Table of Contents Author Guidelines Submit a Manuscript
BioMed Research International
Volume 2016, Article ID 7670483, 9 pages
http://dx.doi.org/10.1155/2016/7670483
Review Article

Diagnosis of Human Axillary Osmidrosis by Genotyping of the Human ABCC11 Gene: Clinical Practice and Basic Scientific Evidence

1Department of Pharmacy, The University of Tokyo Hospital, 7-3-1 Hongo, Bunkyo-ku, Tokyo 113-8655, Japan
2Gomi Clinic, 1-10-12 Hyakunin-cho, Shinjyuku-ku, Tokyo 169-0073, Japan
3Department of Applied Biological Chemistry, Graduate School of Bioscience and Biotechnology, Chubu University, 1200 Matsumoto-cho, Kasugai 487-8501, Japan
4BioTec Co., Ltd., 2-29-4 Yushima, Bunkyo-ku, Tokyo 113-0034, Japan
5RIKEN Center for Life Science Technology, 1-7-22 Suehiro-cho, Tsurumi-ku, Yokohama 230-0045, Japan
6NGO Personalized Medicine & Healthcare, Yokohama 226-0016, Japan

Received 26 December 2015; Revised 25 January 2016; Accepted 28 January 2016

Academic Editor: Stephen H. Safe

Copyright © 2016 Yu Toyoda et al. This is an open access article distributed under the Creative Commons Attribution License, which permits unrestricted use, distribution, and reproduction in any medium, provided the original work is properly cited.

Abstract

The importance of personalized medicine and healthcare is becoming increasingly recognized. Genetic polymorphisms associated with potential risks of various human genetic diseases as well as drug-induced adverse reactions have recently been well studied, and their underlying molecular mechanisms are being uncovered by functional genomics as well as genome-wide association studies. Knowledge of certain genetic polymorphisms is clinically important for our understanding of interindividual differences in drug response and/or disease risk. As such evidence accumulates, new clinical applications and practices are needed. In this context, the development of new technologies for simple, fast, accurate, and cost-effective genotyping is imperative. Here, we describe a simple isothermal genotyping method capable of detecting single nucleotide polymorphisms (SNPs) in the human ATP-binding cassette (ABC) transporter ABCC11 gene and its application to the clinical diagnosis of axillary osmidrosis.
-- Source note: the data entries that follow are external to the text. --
(* Let $f,g:\mathbb{R}^n\to[0,+\infty)$ and $h_1,h_2:\mathbb{R}^n\to\mathbb{R}$, let $C\subseteq\mathbb{R}^n$ be closed and convex, $\Omega:=\{x:g(x)\neq0\}$, $C\cap\Omega\neq\emptyset$, and assume: $f$ is convex; $g$ is differentiable with locally Lipschitz gradient; $h_1$ is differentiable with locally Lipschitz gradient; $h_2$ is convex. Define $F:\mathbb{R}^n\to(-\infty,+\infty]$ by $F(x)=f^2(x)/g(x)+h_1(x)-h_2(x)$ if $x\in\Omega\cap C$ and $F(x)=+\infty$ otherwise. Suppose $S:=\{x\in\mathbb{R}^n:f(x)=g(x)=0\}\neq\emptyset$. If $x^0\in\mathrm{dom}F$ satisfies $$F(x^0)<\inf\Big\{\liminf_{z\to x}F(z):x\in S\Big\},$$ then the level set $\mathcal{X}_0:=\{x\in\mathrm{dom}F:F(x)\le F(x^0)\}$ is closed.
   Context: $\mathrm{dom}F=\{x:F(x)<+\infty\}=\Omega\cap C$. *)

From HB Require Import structures.
From mathcomp Require Import all_boot all_order all_algebra.
From mathcomp Require Import all_classical all_reals all_analysis.
Set Implicit Arguments. Unset Strict Implicit. Unset Printing Implicit Defensive.
Import Order.TTheory GRing.Theory Num.Theory.
Import numFieldNormedType.Exports.
Local Open Scope classical_set_scope.
Local Open Scope ring_scope.

(* R^n is represented by row vectors 'rV[R]_n. *)

Definition convex_fun (R : realType) (n : nat) (f : 'rV[R]_n -> R) : Prop :=
  forall (x y : 'rV[R]_n) (t : R), 0 <= t -> t <= 1 ->
    f (t *: x + (1 - t) *: y) <= t * f x + (1 - t) * f y.

Definition dotv (R : realType) (n : nat) (u v : 'rV[R]_n) : R :=
  \sum_(i < n) u ord0 i * v ord0 i.

Definition diff_loclip_grad (R : realType) (n : nat) (g : 'rV[R]_n -> R) : Prop :=
  exists G : 'rV[R]_n -> 'rV[R]_n,
    (forall x, differentiable g x /\ forall v, 'd g x v = dotv (G x) v) /\
    (forall x, exists2 r : R, 0 < r & exists L : R,
       forall y z, ball x r y -> ball x r z -> `|G y - G z| <= L * `|y - z|).

Definition Ffun (R : realType) (n : nat) (f g h1 h2 : 'rV[R]_n -> R)
  (C : set 'rV[R]_n) (x : 'rV[R]_n) : \bar R :=
  if `[< g x != 0 /\ C x >] then ((f x ^+ 2 / g x + h1 x - h2 x)%:E)%E
  else (+oo)%E.

Definition liminf_at (R : realType) (n : nat) (F : 'rV[R]_n -> \bar R)
  (x : 'rV[R]_n) : \bar R :=
  ereal_sup [set ereal_inf (F @` ball x r) | r in [set r : R | 0 < r]].

From HB Require Import structures.
From mathcomp Require Import all_boot all_order all_algebra.
From mathcomp Require Import all_classical all_reals all_analysis.
From mathcomp Require Import ring lra.
Import Order.TTheory GRing.Theory Num.Theory.
Import numFieldNormedType.Exports.
Local Open Scope classical_set_scope.
Local Open Scope ring_scope.

(* Only continuity is used: a convex function on R^n is bounded above on
   boxes (convexity along one coordinate at a time reduces to the vertices),
   and such a bound controls its oscillation, so it is continuous; the
   differentiable g and h1 are continuous too.  Let x be a limit of points z
   of the level set, where F z = f z ^ 2 / g z + h1 z - h2 z <= F x0.  Then
   x is in C, which is closed.  If g x <> 0, F is continuous at x, hence
   F x <= F x0.  If g x = 0 <> f x, then f ^ 2 / g blows up near x while
   h1 - h2 stays bounded below, contradicting F z <= F x0.  If
   f x = g x = 0, then x is in S and liminf_{z -> x} F z <= F x0,
   contradicting the choice of x0. *)

Section ConvexFunContinuous.
Context {R : realType} {n : nat}.
Implicit Types (f : 'rV[R]_n -> R) (a y : 'rV[R]_n) (r : R).

Definition in_box a r y := forall j, `|y ord0 j - a ord0 j| <= r.

Definition row_set y (k : 'I_n) (v : R) : 'rV[R]_n :=
  \row_j (if j == k then v else y ord0 j).

Lemma convex_fun_le_max f (u v : 'rV[R]_n) t : convex_fun f ->
  0 <= t -> t <= 1 -> f (t *: u + (1 - t) *: v) <= Num.max (f u) (f v).
Proof.
move=> cf t0 t1; apply: (le_trans (cf _ _ _ t0 t1)).
have : t * f u <= t * Num.max (f u) (f v) by rewrite ler_wpM2l ?le_max ?lexx.
have : (1 - t) * f v <= (1 - t) * Num.max (f u) (f v).
  by rewrite ler_wpM2l ?subr_ge0 ?le_max ?lexx ?orbT.
lra.
Qed.

Lemma convex_fun_le_row_set f y k lo hi : convex_fun f ->
  lo < hi -> lo <= y ord0 k <= hi ->
  f y <= Num.max (f (row_set y k lo)) (f (row_set y k hi)).
Proof.
move=> cf lohi /andP[loy yhi].
pose t := (hi - y ord0 k) / (hi - lo).
have hilo : 0 < hi - lo by rewrite subr_gt0.
have t0 : 0 <= t by rewrite divr_ge0 // ?subr_ge0 // ltW.
have t1 : t <= 1 by rewrite ler_pdivrMr // mul1r lerD2l lerN2.
suff {1}-> : y = t *: row_set y k lo + (1 - t) *: row_set y k hi.
  exact: convex_fun_le_max.
apply/rowP => j; rewrite !mxE; case: eqP => [->|_].
  by rewrite /t; field; rewrite gt_eqF.
by rewrite -mulrDl addrCA subrr addr0 mul1r.
Qed.

Lemma convex_fun_bounded_on_box f a r : convex_fun f -> 0 < r ->
  exists M, forall y, in_box a r y -> f y <= M.
Proof.
move=> cf r0.
pose vertex (s : {ffun 'I_n -> bool}) : 'rV[R]_n :=
  \row_j (if s j then a ord0 j + r else a ord0 j - r).
pose M := \sum_(s : {ffun 'I_n -> bool}) `|f (vertex s)|.
have vertexM s : f (vertex s) <= M.
  by rewrite /M (bigD1 s) //= (le_trans (ler_norm _)) // lerDl sumr_ge0.
exists M.
(* Invariant: the coordinates [j >= k] of [y] are at an endpoint [a j +- r];
   convexity along coordinate [k] pushes one more coordinate to an endpoint. *)
pose at_vertex (y : 'rV[R]_n) (j : 'I_n) :=
  y ord0 j = a ord0 j + r \/ y ord0 j = a ord0 j - r.
suff box_le k : (k <= n)%N -> forall y, in_box a r y ->
    (forall j : 'I_n, (k <= j)%N -> at_vertex y j) -> f y <= M.
  by move=> y hy; apply: (box_le n) => // j; rewrite leqNgt ltn_ord.
elim: k => [_|k IH kn] y hy yv.
  have -> : y = vertex [ffun j => y ord0 j == a ord0 j + r].
    apply/rowP => j; rewrite !mxE ffunE.
    by case: (yv j (leq0n _)) => ->; [rewrite eqxx | case: eqP].
  exact: vertexM.
pose kk : 'I_n := Ordinal kn.
have row_set_le v : v = a ord0 kk + r \/ v = a ord0 kk - r ->
    f (row_set y kk v) <= M.
  move=> vv; apply: IH (ltnW kn) _ _ _.
    move=> j; rewrite /row_set mxE; case: eqP => [->|_]; last exact: hy.
    by case: vv => ->; rewrite addrAC subrr add0r ?normrN gtr0_norm.
  move=> j kj; rewrite /at_vertex /row_set !mxE; case: eqP => [->|jk] //.
  apply: yv; rewrite ltn_neqAle kj andbT.
  by apply/eqP => kjE; apply: jk; apply: val_inj; rewrite /= kjE.
have := hy kk; rewrite ler_norml => /andP[lo hi].
apply: le_trans
  (convex_fun_le_row_set f y kk (a ord0 kk - r) (a ord0 kk + r) cf _ _) _.
- by rewrite ltrD2l gtrN.
- by apply/andP; split; lra.
by rewrite ge_max; apply/andP; split; apply: row_set_le; [right | left].
Qed.

Lemma ball_in_box a d y : ball a d y -> in_box a d y.
Proof.
by move=> [_ ay] j; move: (ay ord0 j); rewrite -ball_normE /= distrC => /ltW.
Qed.

Lemma convex_fun_le_dist f a M d y : convex_fun f ->
  (forall z, in_box a 1 z -> f z <= M) -> 0 < d -> d <= 1 -> in_box a d y ->
  `|f a - f y| <= d * (M - f a).
Proof.
move=> cf fM d0 d1 ay.
(* [y] lies between [a] and [a + (y - a) / d], and [a] between [y] and
   [a - (y - a) / d]; both outer points are in the unit box. *)
have away_in_box s : `|s| = 1 -> in_box a 1 (a + s / d *: (y - a)).
  move=> s1 j; rewrite !mxE addrAC subrr add0r normrM normrM s1 mul1r.
  by rewrite normfV (gtr0_norm d0) mulrC ler_pdivrMr // mul1r.
have upper : f y <= d * M + (1 - d) * f a.
  have -> : y = d *: (a + 1 / d *: (y - a)) + (1 - d) *: a.
    by apply/rowP => j; rewrite !mxE; field; rewrite gt_eqF.
  apply: (le_trans (cf _ _ _ (ltW d0) d1)).
  rewrite lerD2r; apply: ler_wpM2l; first exact: ltW.
  exact/fM/away_in_box/normr1.
have lower : (1 + d) * f a <= f y + d * M.
  have d10 : 0 < 1 + d by rewrite addr_gt0.
  have t0 : 0 <= (1 + d)^-1 by rewrite invr_ge0 ltW.
  have t1 : (1 + d)^-1 <= 1 by rewrite invf_le1 // lerDl ltW.
  have := cf y (a + -1 / d *: (y - a)) _ t0 t1.
  have <- : a = (1 + d)^-1 *: y + (1 - (1 + d)^-1) *: (a + -1 / d *: (y - a)).
    by apply/rowP => j; rewrite !mxE; field; rewrite ?gt_eqF.
  move=> /(ler_wpM2l (ltW d10)) /le_trans; apply.
  have -> : (1 + d) * ((1 + d)^-1 * f y
      + (1 - (1 + d)^-1) * f (a + -1 / d *: (y - a)))
      = f y + d * f (a + -1 / d *: (y - a)) by field; rewrite gt_eqF.
  rewrite lerD2l; apply: ler_wpM2l; [exact: ltW | apply/fM/away_in_box].
  by rewrite normrN normr1.
rewrite ler_norml; apply/andP; split; lra.
Qed.

Lemma convex_fun_continuous {f} : convex_fun f -> continuous f.
Proof.
move=> cf a; have [M fM] := convex_fun_bounded_on_box f a 1 cf ltr01.
have faM : f a <= M by apply: fM => j; rewrite subrr normr0.
apply/(@cvgrPdist_le _ _ _ (nbhs a) (nbhs_filter a)) => e e0.
pose d := Num.min 1 (e / (M - f a + 1)).
have D0 : 0 < M - f a + 1 by rewrite ltr_wpDl // subr_ge0.
have d0 : 0 < d by rewrite lt_min ltr01 divr_gt0.
have de : d * (M - f a) <= e.
  apply: (@le_trans _ _ (e / (M - f a + 1) * (M - f a))).
    by rewrite ler_wpM2r ?subr_ge0 // ge_min lexx orbT.
  by rewrite mulrAC ler_pdivrMr // ler_pM2l // lerDl.
near=> y; apply: le_trans de.
apply: convex_fun_le_dist => //; first by rewrite ge_min lexx.
apply: ball_in_box; near: y; exact: (nbhsx_ballx a d d0).
Unshelve. all: by end_near.
Qed.

End ConvexFunContinuous.

Lemma diff_loclip_grad_continuous {R : realType} {n : nat} {g : 'rV[R]_n -> R} :
  diff_loclip_grad g -> continuous g.
Proof.
by move=> [G [dg _]] x; apply: differentiable_continuous; case: (dg x).
Qed.

Lemma continuous_closure_le {T : topologicalType} (R : realType) (phi : T -> R)
    (A : set T) (c : R) (x : T) :
  {for x, continuous phi} -> closure A x -> (forall z, A z -> phi z <= c) ->
  phi x <= c.
Proof.
move=> phix Ax Ac; rewrite leNgt; apply/negP => cx.
have [z [/Ac zc /= cz]] := Ax _ (cvgr_gt _ phix _ cx).
by move: cz; rewrite ltNge zc.
Qed.

Lemma sqr_div_continuous {T : topologicalType} {R : realType} {f g k : T -> R}
    {x : T} :
  {for x, continuous f} -> {for x, continuous g} -> {for x, continuous k} ->
  g x != 0 -> {for x, continuous (fun z => f z ^+ 2 / g z + k z)}.
Proof.
by move=> fx gx kx gx0; exact: cvgD (cvgM (cvgM fx fx) (cvgV gx0 gx)) kx.
Qed.

Lemma sqr_div_blowup {T : topologicalType} {R : realType} {f g k : T -> R}
    {x : T} (c : R) :
  {for x, continuous f} -> {for x, continuous g} -> {for x, continuous k} ->
  (forall z, 0 <= g z) -> g x = 0 -> f x != 0 ->
  \forall z \near x, g z != 0 -> c < f z ^+ 2 / g z + k z.
Proof.
move=> fx gx kx g0 gx0 fx0.
pose q := f x ^+ 2 / 2; pose K := `|c - k x| + 2.
have fx2 : 0 < f x ^+ 2 by rewrite lt_def sqrf_eq0 fx0 sqr_ge0.
have q0 : 0 < q by rewrite divr_gt0.
have K0 : 0 < K by rewrite ltr_wpDl.
have f2x : {for x, continuous (fun z => f z ^+ 2)}.
  exact: (cvgM fx fx).
have f2_gt : \forall z \near x, q < f z ^+ 2.
  by apply: (cvgr_gt _ f2x); rewrite /q; lra.
have g_small : \forall z \near x, g z < q / K.
  by apply: (cvgr_lt _ gx); rewrite gx0 divr_gt0.
have k_big : \forall z \near x, k x - 1 < k z.
  by apply: (cvgr_gt _ kx); rewrite gtrBl.
(* Near [x]: [f ^ 2 / g > q / g > K > c - k x + 1 > c - k]. *)
near=> z => gz.
have gz0 : 0 < g z by rewrite lt_def gz g0.
have Kq : K < q / g z.
  by rewrite ltr_pdivlMr // mulrC -ltr_pdivlMr //; near: z.
have qf : q / g z <= f z ^+ 2 / g z.
  by rewrite ler_pM2r ?invr_gt0 // ltW //; near: z.
have : k x - 1 < k z by near: z.
have := ler_norm (c - k x); rewrite /K in Kq; lra.
Unshelve. all: by end_near.
Qed.

Lemma liminf_at_closure_le (R : realType) (n : nat) (F : 'rV[R]_n -> \bar R)
    (A : set 'rV[R]_n) (a : \bar R) (x : 'rV[R]_n) :
  closure A x -> (forall z, A z -> (F z <= a)%E) -> (liminf_at F x <= a)%E.
Proof.
move=> Ax Aa; apply: ge_ereal_sup => _ [r /= r0 <-].
have [z [Az xz]] := Ax _ (nbhsx_ballx x r r0).
by apply: le_trans (Aa _ Az); apply: ereal_inf_lbound; exists z.
Qed.

Lemma FfunE (R : realType) (n : nat) (f g h1 h2 : 'rV[R]_n -> R)
    (C : set 'rV[R]_n) (z : 'rV[R]_n) :
  C z -> g z != 0 -> Ffun f g h1 h2 C z = (f z ^+ 2 / g z + h1 z - h2 z)%:E.
Proof. by move=> Cz gz; rewrite /Ffun asboolT. Qed.

Theorem proposition4p1 (R : realType) (n : nat)
  (f g h1 h2 : 'rV[R]_n -> R) (C : set 'rV[R]_n) (x0 : 'rV[R]_n) :
  (forall x, 0 <= f x) -> (forall x, 0 <= g x) ->
  closed C -> convex_set C ->
  (C `&` [set x | g x != 0] !=set0) ->
  convex_fun f -> diff_loclip_grad g -> diff_loclip_grad h1 -> convex_fun h2 ->
  ([set x | f x = 0 /\ g x = 0] !=set0) ->
  (C `&` [set x | g x != 0]) x0 ->
  (Ffun f g h1 h2 C x0 <
     ereal_inf [set liminf_at (Ffun f g h1 h2 C) x | x in [set x | f x = 0%R /\ g x = 0%R]])%E ->
  closed [set x | (C `&` [set x | g x != 0]) x /\
                  (Ffun f g h1 h2 C x <= Ffun f g h1 h2 C x0)%E].
Proof.
move=> _ g_ge0 closedC _ _ cvx_f diff_g diff_h1 cvx_h2 _ [Cx0 gx0] x0_lt x clx.
set F := Ffun f g h1 h2 C in x0_lt clx *.
set X0 := [set x | _ /\ _] in clx *.
pose phi z := f z ^+ 2 / g z + (h1 z - h2 z).
have phi_le z : X0 z -> phi z <= phi x0.
  by move=> [[Cz gz]]; rewrite /F !FfunE // -!addrA.
have fc := convex_fun_continuous cvx_f.
have h2c := convex_fun_continuous cvx_h2.
have gc := diff_loclip_grad_continuous diff_g.
have h1c := diff_loclip_grad_continuous diff_h1.
have h12c : continuous (fun z => h1 z - h2 z).
  by move=> z; exact: cvgB (h1c z) (h2c z).
have Cx : C x by apply: closedC; apply: closureS clx => z [[]].
have gx : g x != 0.
  apply/eqP => gx_eq0; have [fx_eq0|fx] := eqVneq (f x) 0.
    have : (liminf_at F x <= F x0)%E.
      by apply: liminf_at_closure_le clx _ => z [].
    apply/negP; rewrite -ltNge; apply: lt_le_trans x0_lt _.
    by apply: ereal_inf_lbound; exists x.
  have blowup := sqr_div_blowup (phi x0) (fc x) (gc x) (h12c x) g_ge0 gx_eq0 fx.
  have [z [/[dup] /phi_le zx0 [[_ gz] _]]] := clx _ blowup.
  by move=> /(_ gz); rewrite ltNge zx0.
split; first by [].
rewrite /F !FfunE // -!addrA lee_fin.
apply: continuous_closure_le clx phi_le.
exact: sqr_div_continuous (fc x) (gc x) (h12c x) gx.
Qed.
We have recently reported that axillary osmidrosis is linked with one SNP 538G>A in the ABCC11 gene. Our molecular biological and biochemical studies have revealed that this SNP greatly affects the protein expression level and the function of ABCC11. In this review, we highlight the clinical relevance and importance of this diagnostic strategy in axillary osmidrosis therapy.